I never thought having Petco and Petsmart close by was such a blessing  but, now, I'll be much more grateful


----------



## dweamgoil (Feb 3, 2010)

Rocky_Raccoon said:


> I never thought having Petco and Petsmart close by was such a blessing  but, now, I'll be much more grateful


Hehehe...I'll second that


----------



## MowMow (Nov 6, 2010)

I do know how excited you are! You've been talking about visiting a petco/petsmart since you joined! 

If it were me, I would buy a HUGE box once I got there (walmart should sell them) and then pack it full of pet supplies and mail it to your home address the day before you leave.  

Then you don't have to carry the stuff and you buy that much more!


----------



## Straysmommy (Dec 23, 2010)

Indeed, you guys should say a blessing before you go into one of those stores, LOL

Mowmow, great idea!


----------



## Sinatra-Butters (Aug 9, 2010)

I usually just say a prayer for my debit card.


----------



## Meezer_lover (Apr 19, 2011)

So you must have a long list of stuff you want to look at/buy.....what's on the list??


----------



## Straysmommy (Dec 23, 2010)

Oh I'll worry about that when the bills start coming.


----------



## Goldtanker (Jan 9, 2011)

Be careful - stay alert. Midnight, the wild cat, puts subliminal thoughts, taking the form of purchases, in my mind that somehow surface whenever I go near PetSmart.


----------



## Straysmommy (Dec 23, 2010)

GT, the subliminal ideas issue is very true, one of my biggest incentives is a phrase and a photo you posted once, saying you got that wonderful bed for the cat in the discount bin for peanuts! I don't remember if it was Petco or Petsmart.


----------



## Leazie (Apr 14, 2007)

I am happy for you! 

Just a thought- don't buy anything with catnip in it. I tried to send catnip toys to my step daughter when she was stationed in Korea and the box took 3 months to get there, and it had been opened. The other box that we sent without catnip arrived there without any problems.


----------



## Straysmommy (Dec 23, 2010)

That's a good point, Leazie. I don't buy catnip toys, I don't like the idea, so no problem.


----------



## konstargirl (Feb 4, 2011)

Thats awesome!! Oh you will find great deals there.


----------



## KittieLover (May 2, 2011)

If you keep dreaming, your dreams do come true! And that's what you obviously did!!
We don't have PetSmart or Petco in Australia


----------



## Straysmommy (Dec 23, 2010)

Kittielover, but I hear that Australia is very good to cats and there are some big stores too? The problem in my country is that it's so tiny that there's no market for local production, so we only get the tiny choice of products that a few stores decide to import from Germany and Italy, and we depend on their (usually awful) taste.


----------



## Time Bandit (Aug 17, 2010)

Sinatra-Butters said:


> I usually just say a prayer for my debit card.
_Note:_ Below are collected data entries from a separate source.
Lemma multicycle_not_colorable n (B : finZmodType) :
  odd n.+2 -> ~ colorable ('Z_2 * B)%type (multicycle n B).
Proof.
move=> odd_len /(_ (fun e => (0, e.2)))[c hc].
have step i : (c (ordS i) - c i).1 = 1.
  apply: Zp2_neq0; have := hc (i, (c (ordS i) - c i).2).
  by apply: contra => /eqP E; rewrite [X in X == _]surjective_pairing E.
have sum0 : \sum_(i < n.+2) (c (ordS i) - c i) = 0.
  by rewrite sumrB [X in _ - X](reindex_inj (@ordS_inj _)) subrr.
have /eqP := congr1 fst sum0; apply/negP.
rewrite raddf_sum (eq_bigr _ (fun i _ => step i)) sumr_const card_ord.
by rewrite -[1 *+ _]/(n.+2%:R) Zp_nat -val_eqE /= modn2 odd_len.
Qed.

End OddCycleParity.

Lemma h_prop_gt p (B : finZmodType) m :
  prime p -> #|B| + 2 <= p -> h_prop p m -> 2 * #|B| < m.
Proof.
move=> p_pr B_small hm; rewrite ltnNge; apply/negP => m_le.
have B_gt0 : 0 < #|B| by apply/card_gt0P; exists 0%R.
have p_odd : odd p by case/even_prime: p_pr => // p2; move: B_small; rewrite p2; lia.
have len : (p - 2).+2 = p by have := prime_gt1 p_pr; lia.
apply: (@multicycle_not_colorable (p - 2) B); first by rewrite len.
apply: hm; last by rewrite card_prod card_ord.
exists ('F_p : finZmodType); split; first exact: card_Fp.
by apply: multicycle_colorable_Fp; rewrite ?len ?leq_pred.
Qed.

Lemma h_prop_prime_gt p m : prime p -> 4 <= p -> h_prop p m -> 2 * (p - 2) < m.
Proof.
move=> p_pr p_ge4; have card_Z : #|'Z_(p - 2)| = p - 2 by rewrite card_ord Zp_cast //; lia.
by move/(@h_prop_gt _ ('Z_(p - 2) : finZmodType)); rewrite card_Z; apply=> //; lia.
Qed.
(* Let $X=(B\,|\,A)\in\mathbb{Z}^{d\times N}$ with $B\in\mathbb{Z}^{d\times d}$ a diagonal matrix of full rank $d$ and $A\in\mathbb{Z}^{d\times(N-d)}$, and let $P$ be a coordinatizing path. For each of the $2^{N-\kappa(A)}$ possible choices of signs of the entries of $P$, there is a unique matrix $X_\sigma=(B\,|\,A_\sigma)$ whose entries at the positions of $P$ have these signs and which represents the same arithmetic matroid $\mathcal{A}(X)$. Moreover, every representation of $\mathcal{A}(X)$ of the form $(B\,|\,A'')$ (i.e. in $B$-basic form for this $B$) is one of the matrices $X_\sigma$.
   Context: The arithmetic matroid $\mathcal{A}(X)$ represented by $X\in\mathbb{Z}^{d\times N}$ with columns $x_1,\dots,x_N$ is $([N],\operatorname{rk},m)$ where $\operatorname{rk}(S)$ is the dimension of the real span $\langle S\rangle_{\mathbb{R}}$ of $\{x_e:e\in S\}$ and $m(S)=|(\langle S\rangle_{\mathbb{R}}\cap\mathbb{Z}^d)/\langle S\rangle|$, with $\langle S\rangle$ the subgroup generated by $\{x_e:e\in S\}$. Index the columns of $A$ by $d+1,\dots,N$. Let $\mathcal{G}_A$ be the bipartite graph on vertices $\{r_1,\dots,r_d\}\cup\{c_{d+1},\dots,c_N\}$ with an edge $\{r_i,c_j\}$ iff $a_{ij}\ne0$; edges are identified with non-zero entries of $A$. $\kappa(A)$ is the number of connected components of $\mathcal{G}_A$. A coordinatizing path is the set of entries of $A$ corresponding to the edges of a spanning forest of $\mathcal{G}_A$; it has $N-\kappa(A)$ elements. *)

From Stdlib Require Import Reals.
From HB Require Import structures.
From mathcomp Require Import all_boot all_order all_algebra.
From mathcomp Require Import Rstruct.
Set Implicit Arguments. Unset Strict Implicit. Unset Printing Implicit Defensive.
Import Order.TTheory GRing.Theory Num.Theory.
Local Open Scope ring_scope.
(* The discount makes expensive entries relatively
   more attractive, so the buyer cannot switch to a much cheaper entry. *)
Lemma revenue_perturbation rho rho' v (M d eta a : R) :
  0 < d -> 0 <= eta -> 0 <= a -> 0 <= M ->
  (forall j, (rho j).2 <= M) ->
  (forall j, (1 - d) * (rho j).2 - a <= (rho' j).2 <= (1 - d) * (rho j).2) ->
  (forall j, alloc_value v (rho j).1 - eta <= alloc_value v (rho' j).1
             <= alloc_value v (rho j).1) ->
  revenue rho v <= revenue rho' v + (d * M + (eta + a) / d + a).
Proof.
move=> d_gt0 eta_ge0 a_ge0 M_ge0 price_le price_disc value_loss.
have dM_ge0 : 0 <= d * M := mulr_ge0 (ltW d_gt0) M_ge0.
have ratio_ge0 : 0 <= (eta + a) / d := divr_ge0 (addr_ge0 eta_ge0 a_ge0) (ltW d_gt0).
have rev'_ge0 := revenue_ge0 rho' v.
rewrite [revenue rho v]/revenue.
have [->|[j /eqP j_best ->]] := bigmax_attained (index_enum 'I_l)
  (fun j => entry_utility v (rho j) == best_utility rho v) (fun j => (rho j).2) 0.
  lra.
have U_ge0 := best_utility_ge0 rho v.
have /andP[pj_lo pj_hi] := price_disc j; have /andP[Vj_lo Vj_hi] := value_loss j.
have pj_M := price_le j.
have uj' := entry_utility_le_best rho' v j.
move: j_best uj'; rewrite /entry_utility -!/(alloc_value _ _) => j_best uj'.
have [best0|[k _ best_k]] := bigmax_attained (index_enum 'I_l) predT
  (fun j => entry_utility v (rho' j)) 0.
- (* The buyer leaves rho' empty-handed, so the price of j was small. *)
  have : d * (rho j).2 <= eta + a.
    by move: uj'; rewrite /best_utility best0; lra.
  rewrite -ler_pdivlMl // mulrC; lra.
- (* The buyer switches to entry k of rho', whose price is close to p_j. *)
  have best'_k : best_utility rho' v = entry_utility v (rho' k) := best_k.
  have rev_k := price_le_revenue (esym best'_k).
  have uk := entry_utility_le_best rho v k.
  rewrite best'_k /entry_utility -!/(alloc_value _ _) in uj'.
  rewrite -j_best /entry_utility -!/(alloc_value _ _) in uk.
  have /andP[pk_lo pk_hi] := price_disc k; have /andP[Vk_lo Vk_hi] := value_loss k.
  have pk_M := price_le k.
  have : d * ((rho j).2 - (rho k).2) <= eta + a by nra.
  rewrite -ler_pdivlMl // mulrC => gap.
  have : d * (rho k).2 <= d * M by rewrite ler_pM2l.
  lra.
Qed.

End BuyerChoice.

Section Rounding.
Variable R : realType.

Lemma geometric_below (a y : R) : 0 < a <= 1 -> 0 < y ->
  exists n : nat, (1 - a) ^+ n <= y.
Proof.
move=> a01 y_gt0; have /andP[a_gt0 _] := a01.
set n := (Num.truncn ((a * y)^-1)).+1; exists n.
have ay_gt0 : 0 < a * y by rewrite mulr_gt0.
have n_large : 1 < n%:R * (a * y).
  by rewrite -ltr_pdivrMr // div1r truncnS_gt.
have := @geometric_bernoulli R a n (introT andP (conj (ltW a_gt0) (andP a01).2)).
have : 0 <= (1 - a) ^+ n by rewrite exprn_ge0 // subr_ge0 (andP a01).2.
move: n_large; rewrite mulrA; set p := (1 - a) ^+ n; set q := n%:R * a.
have : 0 <= q by rewrite mulr_ge0 // ltW.
nra.
Qed.

Lemma round_price (al x : R) : 0 < al -> 0 <= x ->
  exists k : nat, k%:R * al <= x < k%:R * al + al.
Proof.
move=> al_gt0 x_ge0; exists (Num.truncn (x / al)).
have := truncn_itv (divr_ge0 x_ge0 (ltW al_gt0)).
rewrite -addn1 natrD => /andP[lo hi].
rewrite -ler_pdivlMr // lo /=.
set k := Num.truncn (x / al) in hi *.
have -> : k%:R * al + al = (k%:R + 1) * al by rewrite mulrDl mul1r.
by rewrite -ltr_pdivrMr.
Qed.

Lemma round_alloc (m : nat) (H al phi : R) :
  0 < al <= 1 -> 1 <= H * m%:R -> 0 <= phi <= 1 ->
  exists g, alloc_level m H al g /\ 0 <= g <= phi /\ phi - g <= 2 * al.
Proof.
move=> al01 Hm_ge1 /andP[phi_ge0 phi_le1]; have /andP[al_gt0 al_le1] := al01.
case: (leP phi (2 * al)) => phi_vs_2al; first by exists 0; split; [left | lra].
have grid_floor : al / (H * m%:R) <= al.
  by rewrite ler_pdivrMr ?(lt_le_trans ltr01) // ler_peMr // ltW.
have [|s s_below s_min] := ex_minnP (geometric_below (y := phi) al01 _); first lra.
case: s s_below s_min => [|n] s_below s_min.
  exists 1; rewrite expr0 in s_below; split; last lra.
  by right; exists 0%N; rewrite expr0; split => //; lra.
have n_above : phi < (1 - al) ^+ n.
  by rewrite ltNge; apply/negP => /s_min; rewrite ltnn.
have level_ge : (1 - al) * phi <= (1 - al) ^+ n.+1.
  by rewrite exprS ler_wpM2l ?ltW //; lra.
exists ((1 - al) ^+ n.+1); split; last split.
- right; exists n.+1; split => //; apply: le_trans grid_floor _.
  by apply: le_trans level_ge; nra.
- by rewrite s_below andbT; apply: le_trans level_ge; nra.
- nra.
Qed.

(* Value of coordinatewise rounded-down allocations: with valuations in
   [0, H], each of the m coordinates loses at most H * eta. *)
Lemma alloc_value_rounding (m : nat) (v : valuation R m) (phi phi' : 'rV[R]_m)
    (H eta : R) :
  (forall i, 0 <= v 0 i <= H) ->
  (forall i, 0 <= phi' 0 i <= phi 0 i /\ phi 0 i - phi' 0 i <= eta) ->
  alloc_value v phi - eta * (m%:R * H) <= alloc_value v phi' <= alloc_value v phi.
Proof.
move=> v_bnd phi'_bnd.
have coord i : v 0 i * phi 0 i - H * eta <= v 0 i * phi' 0 i <= v 0 i * phi 0 i.
  have /andP[v_ge0 v_le] := v_bnd i; have [/andP[lo hi] gap] := phi'_bnd i.
  have : v 0 i * (phi 0 i - phi' 0 i) <= H * eta by rewrite ler_pM // subr_ge0.
  by rewrite ler_wpM2l //; nra.
apply/andP; split; last by apply: ler_sum => i _; case/andP: (coord i).
have -> : eta * (m%:R * H) = \sum_(i < m) H * eta.
  by rewrite sumr_const card_ord -mulr_natl; ring.
by rewrite /alloc_value -sumrB; apply: ler_sum => i _; case/andP: (coord i).
Qed.

End Rounding.

Section MenuRounding.
Variables (R : realType) (ud : bool) (m l : nat) (H al d : R).
Hypothesis al01 : 0 < al <= 1.
Hypothesis Hm_ge1 : 1 <= H * m%:R.
Hypothesis d01 : 0 < d <= 1.

(* One entry: allocations are rounded down coordinatewise, the price is
   discounted by (1-d) and then rounded down to the price grid. *)
Lemma round_entry (e : 'rV[R]_m * R) :
  (forall i, 0 <= e.1 0 i <= 1) -> 0 <= e.2 ->
  exists e' : 'rV[R]_m * R,
    [/\ forall i, alloc_level m H al (e'.1 0 i),
        price_level al e'.2,
        (1 - d) * e.2 - al <= e'.2 <= (1 - d) * e.2 &
        forall i, 0 <= e'.1 0 i <= e.1 0 i /\ e.1 0 i - e'.1 0 i <= 2 * al].
Proof.
move=> phi01 p_ge0; have /andP[al_gt0 _] := al01; have /andP[_ d_le1] := d01.
have [g g_spec] := fin_all_exists (fun i => round_alloc al01 Hm_ge1 (phi01 i)).
have dp_ge0 : 0 <= (1 - d) * e.2 by rewrite mulr_ge0 // subr_ge0.
have [k /andP[k_lo k_hi]] := round_price al_gt0 dp_ge0.
exists (\row_i g i, k%:R * al); split => /=.
- by move=> i; rewrite mxE; case: (g_spec i).
- by exists k.
- by rewrite k_lo andbT; lra.
- by move=> i; rewrite mxE; case: (g_spec i).
Qed.

Lemma round_menu (rho : menu R m l) : valid_menu ud H rho ->
  exists rho' : menu R m l, disc_menus ud H al rho' /\
    forall j, (1 - d) * (rho j).2 - al <= (rho' j).2 <= (1 - d) * (rho j).2 /\
      forall i, 0 <= (rho' j).1 0 i <= (rho j).1 0 i /\
                (rho j).1 0 i - (rho' j).1 0 i <= 2 * al.
Proof.
move=> rho_valid; have /andP[d_gt0 d_le1] := d01.
have [F F_spec] := fin_all_exists (fun j =>
  round_entry (rho_valid j).1 (andP (rho_valid j).2.1).1).
exists [ffun j => F j]; split; last by move=> j; rewrite ffunE; case: (F_spec j).
split; [|split] => j; rewrite ffunE; case: (F_spec j) => // levels price prices coords.
have [phi01 [/andP[p_ge0 p_le] ud_sum]] := rho_valid j.
have /andP[_ p'_le] := prices.
split; [|split].
- move=> i; have [/andP[lo hi] _] := coords i.
  by rewrite lo /=; apply: le_trans hi _; case/andP: (phi01 i).
- apply/andP; split; last by apply: le_trans p'_le _; nra.
  by have [k ->] := price; rewrite mulr_ge0 // ltW // (andP al01).1.
- move=> /ud_sum; apply: le_trans; apply: ler_sum => i _.
  by have [/andP[_ ->]] := coords i.
Qed.

End MenuRounding.

(* The discretized class X is finite: a menu of X is determined by, for each
   entry, a level index per item and a price index. *)
Section DiscreteMenuEnumeration.
Variables (R : realType) (ud : bool) (m l : nat) (H al : R) (A P : nat).
Hypothesis levels_bounded :
  forall s : nat, al / (H * m%:R) <= (1 - al) ^+ s -> (s < A)%N.
Hypothesis prices_bounded : forall k : nat, k%:R * al <= m%:R * H -> (k <= P)%N.

(* Level code 0 stands for allocation 0, code s+1 for (1-al)^s. *)
Definition level_of_code (a : 'I_A.+1) : R :=
  if a == 0%N :> nat then 0 else (1 - al) ^+ a.-1.

Definition menu_code := {ffun 'I_l -> {ffun 'I_m -> 'I_A.+1} * 'I_P.+1}.

Definition decode_menu (c : menu_code) : menu R m l :=
  [ffun j => (\row_i level_of_code ((c j).1 i), ((c j).2 : nat)%:R * al)].

Lemma decode_menu_onto (rho : menu R m l) : disc_menus ud H al rho ->
  exists c, decode_menu c = rho.
Proof.
move=> [rho_valid [levels prices]].
have entry_code j : exists u : {ffun 'I_m -> 'I_A.+1} * 'I_P.+1,
    (forall i, level_of_code (u.1 i) = (rho j).1 0 i) /\
    ((u.2 : nat)%:R * al = (rho j).2).
  have level_code i : exists a : 'I_A.+1, level_of_code a = (rho j).1 0 i.
    case: (levels j i) => [->|[s [-> s_level]]]; first by exists ord0.
    by exists (Ordinal (levels_bounded s_level : s.+1 < A.+1)%N).
  have [f f_spec] := fin_all_exists level_code.
  have [k k_price] := prices j.
  have k_le : (k < P.+1)%N.
    by rewrite ltnS prices_bounded // -k_price; case: (rho_valid j) => _ [/andP[]].
  by exists ([ffun i => f i], Ordinal k_le); split => //= i; rewrite ffunE.
have [F F_spec] := fin_all_exists entry_code.
exists [ffun j => F j]; apply/ffunP => j; rewrite !ffunE.
have [alloc_eq price_eq] := F_spec j.
rewrite [RHS]surjective_pairing price_eq; congr pair.
by apply/rowP => i; rewrite mxE alloc_eq.
Qed.

Lemma disc_menus_enum : exists s : seq (menu R m l),
  [/\ uniq s, disc_menus ud H al = [set` s]%classic
    & (size s <= (A.+1 ^ m * P.+1) ^ l)%N].
Proof.
exists [seq rho <- undup [seq decode_menu c | c <- enum {: menu_code}]
          | `[< disc_menus ud H al rho >]].
split; first by rewrite filter_uniq // undup_uniq.
  apply/seteqP; split => rho /=; rewrite mem_filter; last by case/andP => /asboolP.
  move=> rho_disc; rewrite asboolT //= mem_undup.
  by have [c <-] := decode_menu_onto rho_disc; rewrite map_f ?mem_enum.
rewrite size_filter (leq_trans (count_size _ _)) // (leq_trans (size_undup _)) //.
by rewrite size_map -cardE card_ffun card_prod card_ffun !card_ord.
Qed.

End DiscreteMenuEnumeration.

(* Per-round revenue loss of rounding a valid menu into X: combining
   round_menu with revenue_perturbation, with value loss eta = 2 al (mH). *)
Lemma rounding_loss (R : realType) (ud : bool) (m l T : nat) (H al d : R)
    (v : nat -> valuation R m) (rho : menu R m l) :
  0 < al <= 1 -> 1 <= H * m%:R -> 0 < d <= 1 -> valid_menu ud H rho ->
  (forall t i, (t < T)%N -> 0 <= v t 0 i <= H) ->
  exists2 rho' : menu R m l, disc_menus ud H al rho' &
    forall t, (t < T)%N -> revenue rho (v t) <=
      revenue rho' (v t) + (d * (m%:R * H) + (2 * al * (m%:R * H) + al) / d + al).
Proof.
move=> al01 Hm_ge1 d01 rho_valid v_bnd.
have [rho' [rho'_disc close]] := round_menu al01 Hm_ge1 d01 rho_valid.
exists rho' => // t tT; have /andP[al_gt0 _] := al01.
have mH_ge0 : 0 <= m%:R * H by rewrite mulrC; lra.
apply: revenue_perturbation => //.
- by case/andP: d01.
- by apply: mulr_ge0 => //; apply: mulr_ge0 => //; exact: ltW.
- exact: ltW.
- by move=> j; case: (rho_valid j) => _ [/andP[]].
- by move=> j; case: (close j).
- by move=> j; apply: alloc_value_rounding => [i|i]; [apply: v_bnd | case: (close j)].
Qed.

Lemma wm_regret_discretized (R : realType) (ud : bool) (m l T : nat) (H al b eps : R)
    (v : nat -> valuation R m) (s : seq (menu R m l)) :
  0 < m%:R * H -> 0 < b -> uniq s -> disc_menus ud H al = [set` s]%classic ->
  (forall rho : menu R m l, valid_menu ud H rho -> exists2 rho' : menu R m l, rho' \in s &
     forall t, (t < T)%N -> revenue rho (v t) <= revenue rho' (v t) + eps) ->
  opt_revenue ud l H v T -
    \sum_(t < T) wm_expected_revenue (l := l) (disc_menus ud H al) H b v t
  <= T%:R * eps + b * T%:R * (m%:R * H) + m%:R * H * ln (size s)%:R / b.
Proof.
move=> M_gt0 b_gt0 s_uniq X_eq rounding.
set M := m%:R * H; pose gain (rho : menu R m l) t := revenue rho (v t).
have gain_bounded rho t : rho \in s -> (t < T)%N -> 0 <= gain rho t <= M.
  move=> rho_in _; have [rho_valid _] : disc_menus ud H al rho by rewrite X_eq.
  rewrite revenue_ge0 revenue_le ?ltW //.
  by move=> j; case: (rho_valid j) => _ [/andP[]].
have alg_gain t : wm_expected_revenue (l := l) (disc_menus ud H al) H b v t =
    wm_gain s gain M b t by rewrite /wm_expected_revenue X_eq -!fsbig_seq.
pose zero_menu : menu R m l := [ffun=> (0, 0)].
have zero_valid : valid_menu ud H zero_menu.
  move=> j; rewrite ffunE; split=> [i|]; first by rewrite mxE lexx ler01.
  by rewrite lexx ltW //=; split=> // _; rewrite big1 // => i _; rewrite mxE.
under eq_bigr do rewrite alg_gain.
rewrite lerBlDl addrA; apply: ge_sup.
  by exists (\sum_(t < T) revenue zero_menu (v t)), zero_menu.
move=> _ [rho rho_valid <-]; have [rho' rho'_in loss] := rounding rho rho_valid.
apply: le_trans (_ : cum_gain gain rho' T + T%:R * eps <= _).
  have -> : T%:R * eps = \sum_(t < T) eps by rewrite sumr_const card_ord mulr_natl.
  by rewrite /cum_gain -big_split; apply: ler_sum => t _; apply: loss.
have := wm_bound M_gt0 b_gt0 gain_bounded rho'_in; rewrite -/M; lra.
Qed.

(* With no menu entries every menu has revenue 0, so there is no regret. *)
Lemma wm_regret_empty (R : realType) (ud : bool) (m T : nat) (H : R)
    (v : nat -> valuation R m) :
  wm_regret ud 0 H v T <= 0.
Proof.
have rev0 (rho : menu R m 0) t : revenue rho (v t) = 0 by rewrite /revenue big_ord0.
rewrite /wm_regret big1 => [|t _]; last first.
  by rewrite /wm_expected_revenue fsbig1 ?mul0r // => rho _; rewrite rev0 mulr0.
rewrite subr0; apply: ge_sup.
  exists 0, [ffun=> (0, 0)]; first by case.
  by rewrite big1.
by move=> _ [rho _ <-]; rewrite big1.
Qed.
(* Let $(\mathcal{N},r)$ be a ranked $X$-cactus. Then $\mathcal{S}_i(\mathcal{N})$ is a polestar system on $X$ for every $0\le i\le\sigma(r)$.
   Context: Let $X$ be a finite non-empty set. A rooted DAG $N=(V,A)$ is a finite directed acyclic graph with a vertex $\rho$ of indegree $0$ (the root) from which every vertex is reachable. Leaf: outdegree $0$; tree vertex: indegree $\le1$; reticulation vertex: indegree $\ge2$; if $(u,v)\in A$, $u$ is a parent of $v$. A reticulation cycle consists of two distinct directed paths with the same start and end vertex and no other common vertices. A rooted $X$-cactus $\mathcal{N}=(N,\varphi)$ is a rooted DAG with $\varphi:X\to V$ such that every vertex has indegree $\le2$, no two distinct reticulation cycles share an arc, and $\varphi(X)$ contains all leaves and all tree vertices of outdegree $1$. A time-stamp function is $t:V\to\mathbb{R}_{\ge0}$ with $t(v)=0$ for $v\in\varphi(X)$; $t(u)>t(v)$ for every arc $(u,v)$ with $v$ not a reticulation vertex; $t(v)=t(p_1)=t(p_2)$ for each reticulation vertex $v$ with parents $p_1,p_2$. Size $\sigma(t)=|t(V)|-1$. A ranking is a time-stamp function $r$ with $r(V)=\{0,\dots,\sigma(r)\}$; a ranked $X$-cactus is a rooted $X$-cactus admitting a time-stamp function, together with a ranking. A vertex $u$ is a descendant of $v$ if some directed path from the root to $u$ contains $v$; strict if every such path contains $v$, non-strict otherwise. $S(u)=\{x:\varphi(x)$ strict descendant of $u\}$, $H(u)=\{x:\varphi(x)$ non-strict descendant of $u\}$. For $0\le i\le\sigma(r)$, $V_i=\{u\in V:r(u)\le i$ and $r(p)>i$ for all parents $p$ of $u\}$ and $\mathcal{S}_i(\mathcal{N})=\{(S(u),H(u)):u\in V_i\}\cup\{(H(u),\emptyset):u\in V_i,H(u)\ne\emptyset\}$. A set pair system on $X$ is a set of ordered pairs $(S,H)$ of subsets of $X$ with $S\ne\emptyset$, $S\cap H=\emptyset$. It is a polestar system (partition-like) if (PL1) $\mathcal{P}(\mathcal{S})=\{S:(S,H)\in\mathcal{S}\}$ is a partition of $X$; (PL2) distinct $(S,H),(S',H')\in\mathcal{S}$ have $S\ne S'$; (PL3) for each $(S,H)\in\mathcal{S}$ with $H\ne\emptyset$ we have $(H,\emptyset)\in\mathcal{S}$ and there is exactly one $(S',H')\in\mathcal{S}$ with $(S',H')\ne(S,H)$ and $H'=H$. *)

From mathcomp Require Import all_boot.
From mathcomp Require Import boolp.
Set Implicit Arguments. Unset Strict Implicit. Unset Printing Implicit Defensive.

Section Cactus.
Variables (V X : finType).
Variable a : rel V.

Definition indeg (v : V) : nat := #|[set u | a u v]|.
Definition outdeg (v : V) : nat := #|[set w | a v w]|.
Definition is_leaf (v : V) : bool := outdeg v == 0.
Definition is_tree_vertex (v : V) : bool := indeg v <= 1.
Definition is_reticulation (v : V) : bool := 2 <= indeg v.

(* a directed path is a vertex sequence s :: p with consecutive arcs;
   it starts at s and ends at last s p *)
Definition acyclic : Prop :=
  forall (v : V) (p : seq V), path a v p -> last v p = v -> p = [::].

Definition rooted_DAG (rho : V) : Prop :=
  acyclic /\ indeg rho = 0 /\
  (forall v : V, exists p : seq V, path a rho p /\ last rho p = v).

Definition path_arcs (s : V) (p : seq V) : seq (V * V) := zip (s :: p) p.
Haha, this! :lol: I always end up bringing home a bag full of toys and things.

I like Petco, better than PetSmart, even though PetSmart tends to be cheaper. Petco is really trying with getting more grain-free and holistic foods out there, and thats a big plus. Litter I get at PetSmart though...cheaper. 

I hope you enjoy your experience when you go! They are definitely fun to walk around in and browse.


----------



## KittieLover (May 2, 2011)

Straysmommy said:


> Kittielover, but I hear that Australia is very good to cats and there are some big stores too?QUOTE]
> 
> Yes, there is some big stores. They supply good quality cat food, toys, and other cat products.


----------



## OctoberinMaine (Sep 12, 2006)

That's funny you're so excited about going. I'm sure there are things in Tel Aviv that we'd be excited about getting too!

I was in Petsmart yesterday and got Murphy 3 kinds of new treats, some Wellness dry food, and a couple little toys.


----------



## Goldtanker (Jan 9, 2011)

Straysmommy said:


> GT, the subliminal ideas issue is very true, one of my biggest incentives is a phrase and a photo you posted once, saying you got that wonderful bed for the cat in the discount bin for peanuts! I don't remember if it was Petco or Petsmart.


Well, he did it again. Another smaller bed, Summertime use, picked up on sale. He uses it on the front porch when he is sleeping on guard duty!


----------



## Jan Rebecca (Oct 14, 2010)

I always spend way too much money when I go to petco!


----------



## Straysmommy (Dec 23, 2010)

Meezer, I hadn't seen your post before somehow!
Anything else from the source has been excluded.